#### [How to complete this task]
If a line in the data below holds the word "predT", copy it.

#### [Dataset extract]

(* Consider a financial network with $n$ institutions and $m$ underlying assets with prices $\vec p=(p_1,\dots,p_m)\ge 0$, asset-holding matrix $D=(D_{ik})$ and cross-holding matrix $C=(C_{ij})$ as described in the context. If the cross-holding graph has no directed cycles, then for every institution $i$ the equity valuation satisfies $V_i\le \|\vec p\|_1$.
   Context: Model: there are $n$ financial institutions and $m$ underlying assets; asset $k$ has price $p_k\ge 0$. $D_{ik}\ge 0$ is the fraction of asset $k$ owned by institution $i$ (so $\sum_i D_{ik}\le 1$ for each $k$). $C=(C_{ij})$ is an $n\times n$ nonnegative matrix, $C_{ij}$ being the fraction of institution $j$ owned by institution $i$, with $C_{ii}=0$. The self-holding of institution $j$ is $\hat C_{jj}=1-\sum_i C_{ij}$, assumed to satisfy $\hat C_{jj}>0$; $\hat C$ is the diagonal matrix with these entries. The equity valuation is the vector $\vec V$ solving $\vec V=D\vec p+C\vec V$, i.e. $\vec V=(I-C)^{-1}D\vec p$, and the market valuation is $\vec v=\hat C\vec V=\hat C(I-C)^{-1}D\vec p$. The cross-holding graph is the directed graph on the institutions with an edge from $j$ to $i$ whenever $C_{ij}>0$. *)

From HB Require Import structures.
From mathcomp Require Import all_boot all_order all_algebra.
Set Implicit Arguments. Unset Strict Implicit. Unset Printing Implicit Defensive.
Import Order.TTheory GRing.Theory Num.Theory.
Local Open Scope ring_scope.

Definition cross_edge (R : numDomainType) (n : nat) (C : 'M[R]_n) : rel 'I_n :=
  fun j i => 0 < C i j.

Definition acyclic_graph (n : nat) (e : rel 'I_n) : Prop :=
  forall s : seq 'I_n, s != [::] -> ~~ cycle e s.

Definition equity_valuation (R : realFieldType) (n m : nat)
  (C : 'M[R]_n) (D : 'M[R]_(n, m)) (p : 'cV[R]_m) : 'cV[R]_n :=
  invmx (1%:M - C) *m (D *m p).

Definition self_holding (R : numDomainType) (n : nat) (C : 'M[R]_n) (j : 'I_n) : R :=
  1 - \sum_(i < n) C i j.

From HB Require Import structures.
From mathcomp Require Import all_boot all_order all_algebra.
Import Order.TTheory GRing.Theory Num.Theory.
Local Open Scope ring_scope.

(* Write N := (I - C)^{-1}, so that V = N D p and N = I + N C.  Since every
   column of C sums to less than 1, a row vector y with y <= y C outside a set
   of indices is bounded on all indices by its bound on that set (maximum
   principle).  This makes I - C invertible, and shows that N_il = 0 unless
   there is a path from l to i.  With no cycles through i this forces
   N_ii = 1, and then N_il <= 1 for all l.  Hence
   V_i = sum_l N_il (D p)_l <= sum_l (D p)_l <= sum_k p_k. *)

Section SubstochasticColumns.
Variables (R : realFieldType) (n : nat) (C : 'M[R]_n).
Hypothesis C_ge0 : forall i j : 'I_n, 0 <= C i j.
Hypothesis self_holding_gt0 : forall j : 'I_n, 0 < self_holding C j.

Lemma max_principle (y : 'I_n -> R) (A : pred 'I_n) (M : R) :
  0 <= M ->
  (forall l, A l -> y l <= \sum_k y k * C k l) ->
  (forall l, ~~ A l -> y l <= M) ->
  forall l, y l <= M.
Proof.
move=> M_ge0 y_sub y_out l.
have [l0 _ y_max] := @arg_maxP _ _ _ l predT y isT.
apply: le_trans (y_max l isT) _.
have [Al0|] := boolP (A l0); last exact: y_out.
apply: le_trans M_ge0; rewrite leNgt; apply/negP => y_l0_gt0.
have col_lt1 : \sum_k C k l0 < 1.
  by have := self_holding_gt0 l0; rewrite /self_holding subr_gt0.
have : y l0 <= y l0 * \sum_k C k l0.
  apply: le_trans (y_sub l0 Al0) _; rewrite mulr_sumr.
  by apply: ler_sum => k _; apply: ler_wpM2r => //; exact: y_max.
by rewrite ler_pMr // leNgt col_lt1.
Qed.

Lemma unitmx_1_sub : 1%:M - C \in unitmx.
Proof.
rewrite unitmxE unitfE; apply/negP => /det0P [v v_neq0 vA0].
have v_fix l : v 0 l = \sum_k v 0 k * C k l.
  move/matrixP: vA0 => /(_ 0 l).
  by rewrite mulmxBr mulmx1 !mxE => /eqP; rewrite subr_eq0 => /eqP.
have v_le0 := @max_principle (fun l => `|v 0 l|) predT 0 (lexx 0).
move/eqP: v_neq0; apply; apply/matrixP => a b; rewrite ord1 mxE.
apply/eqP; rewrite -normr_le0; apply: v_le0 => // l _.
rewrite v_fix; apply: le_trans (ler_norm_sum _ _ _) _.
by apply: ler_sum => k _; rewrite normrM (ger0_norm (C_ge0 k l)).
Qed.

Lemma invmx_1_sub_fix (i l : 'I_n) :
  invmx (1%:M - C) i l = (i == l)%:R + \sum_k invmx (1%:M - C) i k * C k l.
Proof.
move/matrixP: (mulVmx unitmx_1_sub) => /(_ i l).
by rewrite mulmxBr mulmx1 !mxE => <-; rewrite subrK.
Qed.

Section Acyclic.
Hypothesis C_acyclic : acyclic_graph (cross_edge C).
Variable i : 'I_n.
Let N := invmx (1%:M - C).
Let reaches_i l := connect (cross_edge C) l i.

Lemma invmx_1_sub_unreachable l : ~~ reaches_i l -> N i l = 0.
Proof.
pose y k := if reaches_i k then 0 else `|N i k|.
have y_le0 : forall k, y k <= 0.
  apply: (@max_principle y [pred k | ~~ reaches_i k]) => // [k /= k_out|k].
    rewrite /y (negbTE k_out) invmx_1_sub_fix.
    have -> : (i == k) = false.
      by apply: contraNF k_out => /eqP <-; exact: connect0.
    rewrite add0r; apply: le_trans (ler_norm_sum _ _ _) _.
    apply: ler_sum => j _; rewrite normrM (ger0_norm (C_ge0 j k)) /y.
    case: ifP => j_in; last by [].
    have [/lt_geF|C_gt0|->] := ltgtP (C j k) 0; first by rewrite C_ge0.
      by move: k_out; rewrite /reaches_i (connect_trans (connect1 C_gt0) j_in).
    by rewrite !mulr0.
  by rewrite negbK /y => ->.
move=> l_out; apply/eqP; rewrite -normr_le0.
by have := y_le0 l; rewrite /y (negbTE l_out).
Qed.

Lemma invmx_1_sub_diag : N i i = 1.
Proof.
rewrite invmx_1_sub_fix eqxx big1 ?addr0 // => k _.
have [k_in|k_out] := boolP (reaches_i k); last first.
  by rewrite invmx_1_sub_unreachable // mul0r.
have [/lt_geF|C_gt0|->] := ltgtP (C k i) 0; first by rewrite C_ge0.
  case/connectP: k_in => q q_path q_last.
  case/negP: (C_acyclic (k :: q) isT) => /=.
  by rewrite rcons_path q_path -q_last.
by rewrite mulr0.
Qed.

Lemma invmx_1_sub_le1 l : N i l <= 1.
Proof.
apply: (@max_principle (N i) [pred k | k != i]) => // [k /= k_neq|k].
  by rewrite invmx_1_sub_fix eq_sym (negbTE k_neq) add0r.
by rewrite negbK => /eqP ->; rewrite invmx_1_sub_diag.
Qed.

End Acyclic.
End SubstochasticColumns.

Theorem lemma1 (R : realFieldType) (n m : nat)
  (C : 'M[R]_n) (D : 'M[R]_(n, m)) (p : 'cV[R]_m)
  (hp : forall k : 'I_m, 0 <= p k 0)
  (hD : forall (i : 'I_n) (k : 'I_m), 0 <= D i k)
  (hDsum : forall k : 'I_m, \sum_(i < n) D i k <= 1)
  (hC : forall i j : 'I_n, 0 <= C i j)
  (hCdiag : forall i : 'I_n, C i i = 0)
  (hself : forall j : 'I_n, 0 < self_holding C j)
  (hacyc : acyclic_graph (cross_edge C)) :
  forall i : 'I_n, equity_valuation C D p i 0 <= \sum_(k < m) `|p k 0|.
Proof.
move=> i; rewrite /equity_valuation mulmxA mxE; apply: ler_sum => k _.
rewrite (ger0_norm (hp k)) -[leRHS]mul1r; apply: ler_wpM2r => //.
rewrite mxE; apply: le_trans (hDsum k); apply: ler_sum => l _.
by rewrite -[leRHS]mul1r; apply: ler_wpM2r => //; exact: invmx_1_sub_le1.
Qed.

#### [Solution to this exercise]
have [l0 _ y_max] := @arg_maxP _ _ _ l predT y isT.
have v_le0 := @max_principle (fun l => `|v 0 l|) predT 0 (lexx 0).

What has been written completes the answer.